It seems there is never a simple negotiation. The term “negotiation” itself connotes that the parties involved have differences of opinions and are sitting across the table from each other discussing positions and trade-offs. Some even view negotiations as a pejorative euphemism – something that should be approached with suspicion or trepidation. A necessary evil that’s more like dueling fact sheets and head-to-head talking points by talking heads.
I believe the term “negotiation” itself is simply not good enough to describe what happens in the business and political arenas. In fact I’d say that the term negotiation should be banned altogether when you talk strategic outsourcing, and even more so for Vested Outsourcing. What you are really doing – or should be doing in the case of outsourcing agreements – is sitting on the SAME side of the table, working together to create a collaborative contract.
It’s not a contest of wills or positions or trying to one-up your prospective partner. It’s striving to achieve mutually beneficial outcomes over the long haul, in good times and bad.
The good news is that I am not alone in my thinking. There’s been quite a lot of thought leadership on this concept, with much of it traceable back 20 years or so to the influential book Getting to Yes by Roger Fisher and William L. Ury, which I talked about recently in the context of Getting to We. Today’s thought leaders include Brad Spengler (2003 article “Integrative or Interest-Based Bargaining“) and Jeanette Nyden (Negotation Rules!) – who profess that organizations should collaborate to find a ‘win-win’ solution. Spengler and Nyden both teach that conventional “positional bargaining” – which is based on fixed viewpoints and tends to result in compromise that is often unsatisfactory, or no agreement at all – is old school. Instead both encourage parties to be “joint problem solvers” with a common goal to achieve a wise decision; who work together; who focus on interests and not positions; who use fair principles; who insist on objective criteria and use reason and who look for the win-win.

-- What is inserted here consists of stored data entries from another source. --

(* (T_{u_L; theta^L w} o ... o T_{u_1; theta w})(rho), with
   T_{a;w}(X) = V_{a;w} X V_{a;w}^*  (index k : 'I_L is step k+1) *)
Definition evolve (V : A -> Omega -> 'M[R[i]]_d) (theta : Omega -> Omega)
  (w : Omega) (rho : 'M[R[i]]_d) (L : nat) (u : word L) : 'M[R[i]]_d :=
  foldl (fun X (k : 'I_L) =>
           let M := V (u k) (iter k.+1 theta w) in M *m X *m adjmx M)
        rho (enum 'I_L).

(* Q_{rho;w}(A_{1:L} = u) = tr[(T_{u_L;theta^L w} o ... o T_{u_1;theta w})(rho)]
   (this trace is real; we take its real part as a real number) *)
Definition word_prob V theta w rho L (u : word L) : R :=
  complex.Re (\tr (evolve V theta w rho u)).

Definition fword (f : A -> 'I_d -> 'I_d) L (u : word L) (i : 'I_d) : 'I_d :=
  foldl (fun x (k : 'I_L) => f (u k) x) i (enum 'I_L).

(* rho^(i) = |e_i><e_i|, where e_i is the i-th column of E *)
Definition ketbra (E : 'M[R[i]]_d) (i : 'I_d) : 'M[R[i]]_d :=
  col i E *m map_mx (@conjc R) (col i E)^T.

Definition Pbar V theta w (E : 'M[R[i]]_d) f L (i k : 'I_d) : R :=
  \sum_(u : word L | fword f u i == k) word_prob V theta w (ketbra E i) u.

End QT.

(* For almost every w the word laws p_i = Q_{rho(i);w} o A_{1:L}^-1 are
   probability vectors: the Kraus maps preserve the trace, rho(i) has unit
   trace, and pure states stay pure along the evolution.  Colour a word u of
   the law p_i by f_u(i).  For two probability vectors p, q with colourings cp,
   cq into a common finite set, glue together a mass
   m(k) = min(p-mass of colour k, q-mass of colour k) inside each colour class
   (proportionally to p and q) and couple the remaining masses independently;
   this is a coupling of p and q giving mass at least sum_k m(k) to pairs of
   equal colour, which is the required bound.  The construction is a rational
   function of the laws, hence of the entries of the V a (theta^n w), so it is
   measurable in w; to get a probability for every w and not only almost
   surely, the laws are first renormalised, which does not change them where
   they already are probability vectors. *)

From HB Require Import structures.
From mathcomp Require Import all_boot all_order all_algebra.
From mathcomp Require Import all_classical all_reals all_analysis.
From mathcomp Require Import complex measurable_realfun.
Set Implicit Arguments. Unset Strict Implicit. Unset Printing Implicit Defensive.
Import Order.TTheory GRing.Theory Num.Theory.
Local Open Scope ring_scope.
Local Open Scope classical_set_scope.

Sound familiar? Take those valuable precepts out of the dispute resolution realm and apply them to strategic outsourcing. Integrate them with Vested Outsourcing’s Five Rules of collaboration, trust and ‘What’s in in it for We.’ Mix well with patience, flexibility, measurable outcomes and insight.
Voila! You’re not negotiating or bargaining, you’re collaborating together for the win-win where parties have a vested interest in each others success.

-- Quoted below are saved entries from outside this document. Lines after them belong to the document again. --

Definition below_values (A : X -> Prop) : R -> Prop :=
  fun r => exists f, Cc X f /\ (forall x, f x <= indicator X A x) /\ r = zeta f.

Lemma tau_compact_eq (K : X -> Prop) : compact X K -> tau K = Rinf (above_values K).
Proof. intros HK. unfold tau_of. destruct excluded_middle_informative; [reflexivity|contradiction]. Qed.

Lemma tau_not_compact_eq (A : X -> Prop) : ~ compact X A -> tau A = Rsup (below_values A).
Proof. intros HA. unfold tau_of. destruct excluded_middle_informative; [contradiction|reflexivity]. Qed.

Lemma tau_ext (A B : X -> Prop) : (forall x, A x <-> B x) -> tau A = tau B.
Proof. intros H. rewrite (pred_ext X A B H). reflexivity. Qed.

Lemma urysohn_indicator (K O : X -> Prop) : compact X K -> is_open X O -> subset X K O ->
  exists u, Cc X u /\ (forall x, 0 <= u x <= 1) /\ (forall x, indicator X K x <= u x) /\
    (forall x, u x <= indicator X O x) /\ (forall x, ~ O x -> u x = 0).
Proof.
  intros HK HO HKO.
  destruct (urysohn X HX HLC K O HK HO HKO) as [u [Hu [Hur [HuK Hsupp]]]].
  assert (Hu0 : forall x, ~ O x -> u x = 0).
  { intros x Ox. apply NNPP; intros Hn. apply Ox, Hsupp, subset_closure; auto. }
  exists u; split; [|split; [|split; [|split]]]; auto.
  - intros x; case_indicator K x; [rewrite HuK; auto; lra|apply Hur].
  - intros x; case_indicator O x; [apply Hur|rewrite Hu0; auto; lra].
Qed.

Lemma above_values_glb (K : X -> Prop) : compact X K -> is_glb (above_values K) (Rinf (above_values K)).
Proof.
  intros HK. apply Rinf_is_glb.
  - destruct (urysohn_indicator K (fun _ => True) HK (open_full X)) as [u [Hu [_ [HuK _]]]];
      [intros x _; auto|].
    exists (zeta u), u; auto.
  - exists 0. intros y [f [Hf [HKf ->]]].
    apply zeta_nonneg; auto. intros x; apply (nonneg_of_indicator_le X K); auto.
Qed.

Lemma tau_compact_le (K : X -> Prop) (f : X -> R) :
  compact X K -> Cc X f -> (forall x, indicator X K x <= f x) -> tau K <= zeta f.
Proof. intros HK Hf HKf. rewrite tau_compact_eq; auto. apply (above_values_glb K HK). exists f; auto. Qed.

Lemma tau_compact_ge (K : X -> Prop) (b : R) : compact X K ->
  (forall f, Cc X f -> (forall x, indicator X K x <= f x) -> b <= zeta f) -> b <= tau K.
Proof.
  intros HK H. rewrite tau_compact_eq; auto. apply (above_values_glb K HK).
  intros y [f [Hf [HKf ->]]]. auto.
Qed.

Lemma below_values_lub (O : X -> Prop) : in_O X O -> is_lub (below_values O) (Rsup (below_values O)).
Proof.
  intros [HO HOc]. apply Rsup_is_lub.
  - exists (zeta (fun _ => 0)), (fun _ => 0); split; [apply Cc_zero|split; auto].
    intros x; apply indicator_range.
  - destruct (urysohn_indicator (closure X O) (fun _ => True) HOc (open_full X))
      as [u [Hu [_ [HuO _]]]]; [intros x _; auto|].
    exists (zeta u). intros y [f [Hf [HfO ->]]]. apply zeta_mono; auto.
    intros x. specialize (HfO x). specialize (HuO x).
    pose proof (indicator_mono X O (closure X O) x (subset_closure X O)). lra.
Qed.

(* A compact open set [O] falls under the infimum clause of [tau_of]; since [indicator X O]
   is then itself in [Cc X], the supremum clause would give the same value. *)
Lemma Cc_indicator_compact_open (O : X -> Prop) : is_open X O -> compact X O ->
  exists u, Cc X u /\ forall x, u x = indicator X O x.
Proof.
  intros HO HOc. destruct (urysohn_indicator O O HOc HO) as [u [Hu [_ [H1 [H2 _]]]]];
    [intros x; auto|].
  exists u; split; auto. intros x. specialize (H1 x); specialize (H2 x). lra.
Qed.

Lemma tau_open_ge (O : X -> Prop) (f : X -> R) :
  in_O X O -> Cc X f -> (forall x, f x <= indicator X O x) -> zeta f <= tau O.
Proof.
  intros HO Hf HfO. destruct (classic (compact X O)) as [Hc|Hc].
  - apply tau_compact_ge; auto. intros g Hg HOg. apply zeta_mono; auto.
    intros x; specialize (HfO x); specialize (HOg x); lra.
  - rewrite tau_not_compact_eq; auto. apply (below_values_lub O HO). exists f; auto.
Qed.

Lemma tau_open_le (O : X -> Prop) (b : R) : in_O X O ->
  (forall f, Cc X f -> (forall x, f x <= indicator X O x) -> zeta f <= b) -> tau O <= b.
Proof.
  intros HO H. destruct (classic (compact X O)) as [Hc|Hc].
  - destruct (Cc_indicator_compact_open O (proj1 HO) Hc) as [u [Hu Eu]].
    apply Rle_trans with (zeta u).
    + apply tau_compact_le; auto. intros x; rewrite Eu; lra.
    + apply H; auto. intros x; rewrite Eu; lra.
  - rewrite tau_not_compact_eq; auto. apply (below_values_lub O HO).
    intros y [f [Hf [HfO ->]]]; auto.
Qed.

Lemma tau_nonneg (A : X -> Prop) : in_A X A -> 0 <= tau A.
Proof.
  intros [HK|HO].
  - apply tau_compact_ge; auto. intros f Hf HKf. apply zeta_nonneg; auto.
    intros x; apply (nonneg_of_indicator_le X A); auto.
  - rewrite <- (zeta_zero X zeta HQ). apply tau_open_ge; [auto|apply Cc_zero|].
    intros; apply indicator_range.
Qed.

Lemma tau_mono_compact_open (K O : X -> Prop) :
  compact X K -> in_O X O -> subset X K O -> tau K <= tau O.
Proof.
  intros HK HO HKO. destruct (urysohn_indicator K O HK (proj1 HO) HKO) as [u [Hu [_ [HKu [HuO _]]]]].
  apply Rle_trans with (zeta u); [apply tau_compact_le|apply tau_open_ge]; auto.
Qed.

Lemma tau_mono (A B : X -> Prop) : in_A X A -> in_A X B -> subset X A B -> tau A <= tau B.
Proof.
  intros [HA|HA] [HB|HB] HAB.
  - apply tau_compact_ge; auto. intros f Hf HBf. apply tau_compact_le; auto.
    intros x; pose proof (indicator_mono X A B x HAB); specialize (HBf x); lra.
  - apply tau_mono_compact_open; auto.
  - apply tau_open_le; auto. intros f Hf HfA. apply tau_compact_ge; auto.
    intros g Hg HBg. apply zeta_mono; auto.
    intros x; pose proof (indicator_mono X A B x HAB); specialize (HfA x); specialize (HBg x); lra.
  - apply tau_open_le; auto. intros f Hf HfA. apply tau_open_ge; auto.
    intros x; pose proof (indicator_mono X A B x HAB); specialize (HfA x); lra.
Qed.

Lemma superlevel_in_O (f : X -> R) (t : R) : Cc X f -> 0 < t -> in_O X (fun x => t < f x).
Proof.
  intros Hf Ht. split; [apply continuous_open_gt, Hf|].
  apply (compact_closed_subset X _ _ (proj2 Hf)); [apply closure_closed|].
  apply closure_mono. intros x Hx; lra.
Qed.

Lemma superlevel_compact (f : X -> R) (t : R) : Cc X f -> 0 < t -> compact X (fun x => t <= f x).
Proof.
  intros Hf Ht. apply (compact_closed_subset X _ _ (proj2 Hf)).
  - apply (open_ext X (fun x => f x < t)); [intros x; lra|]. apply continuous_open_lt, Hf.
  - intros x Hx. apply subset_closure. lra.
Qed.

Lemma tau_superlevel_le (f : X -> R) (t : R) : Cc X f -> (forall x, 0 <= f x) -> 0 < t ->
  tau (fun x => t < f x) <= zeta f / t.
Proof.
  intros Hf Hf0 Ht. unfold Rdiv. rewrite Rmult_comm, <- zeta_scale; auto.
  apply tau_open_le; [apply superlevel_in_O; auto|]. intros g Hg Hgt. apply zeta_mono; auto.
  - apply (Cc_comp X (fun s => / t * s)); auto; [reg|lra].
  - intros x. specialize (Hgt x). specialize (Hf0 x).
    assert (0 <= / t * f x) by (apply Rmult_le_pos; auto; left; apply Rinv_0_lt_compat; auto).
    revert Hgt; case_indicator (fun x => t < f x) x; intros Hgt; [|lra].
    apply Rle_trans with 1; auto.
    apply (Rmult_le_reg_l t); auto. rewrite <- Rmult_assoc, Rinv_r; lra.
Qed.

Lemma tau_compact_approx (K : X -> Prop) (eps : R) : compact X K -> 0 < eps ->
  exists O, in_O X O /\ subset X K O /\ tau O < tau K + eps.
Proof.
  intros HK Heps.
  assert (Hf : exists f, Cc X f /\ (forall x, indicator X K x <= f x) /\ zeta f < tau K + eps / 2).
  { apply NNPP; intros Hno. assert (tau K + eps / 2 <= tau K); [|lra].
    apply tau_compact_ge; auto. intros f Hf HKf.
    apply Rnot_lt_le; intros Hlt. apply Hno; exists f; auto. }
  destruct Hf as [f [Hf [HKf Hzf]]].
  assert (Hf0 : forall x, 0 <= f x) by (intros x; apply (nonneg_of_indicator_le X K); auto).
  assert (Hz0 : 0 <= zeta f) by (apply zeta_nonneg; auto).
  pose proof (tau_nonneg K (or_introl HK)).
  (* [t < 1] is chosen so that [zeta f / t < tau K + eps]. *)
  set (t := (zeta f + eps / 2) / (tau K + eps)).
  assert (Ht : 0 < t < 1).
  { unfold t. split; [apply Rdiv_lt_0_compat; lra|]. rewrite Rdiv_lt_iff; lra. }
  exists (fun x => t < f x). split; [apply superlevel_in_O; auto; lra|split].
  - intros x Kx. specialize (HKf x). rewrite indicator_in in HKf; auto. lra.
  - apply (Rle_lt_trans _ (zeta f / t)); [apply tau_superlevel_le; auto; lra|].
    rewrite Rdiv_lt_iff by lra. unfold t. field_simplify; lra.
Qed.

Lemma outer_regular (K : X -> Prop) : compact X K ->
  is_glb (fun r => exists O, in_O X O /\ subset X K O /\ r = tau O) (tau K).
Proof.
  intros HK. split.
  - intros y [O [HO [HKO ->]]]. apply tau_mono_compact_open; auto.
  - intros b Hb. apply Rle_plus_epsilon. intros eps Heps.
    destruct (tau_compact_approx K eps HK Heps) as [O [HO [HKO HOeps]]].
    assert (b <= tau O) by (apply Hb; exists O; auto). lra.
Qed.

I love the teaching of Spengler and Nyden. The only flaw: I think they should change the name of what they call their teachings. Spengler calls his approach “interest-based bargaining” and Nyden refers to it as “interest-based negotiation rules.” As stated above, the terms bargaining and negotiations simply don’t connote the proper meaning of their lessons. A successful collaboration is about baking a bigger pie – not just about negotiation or bargaining over the existing one!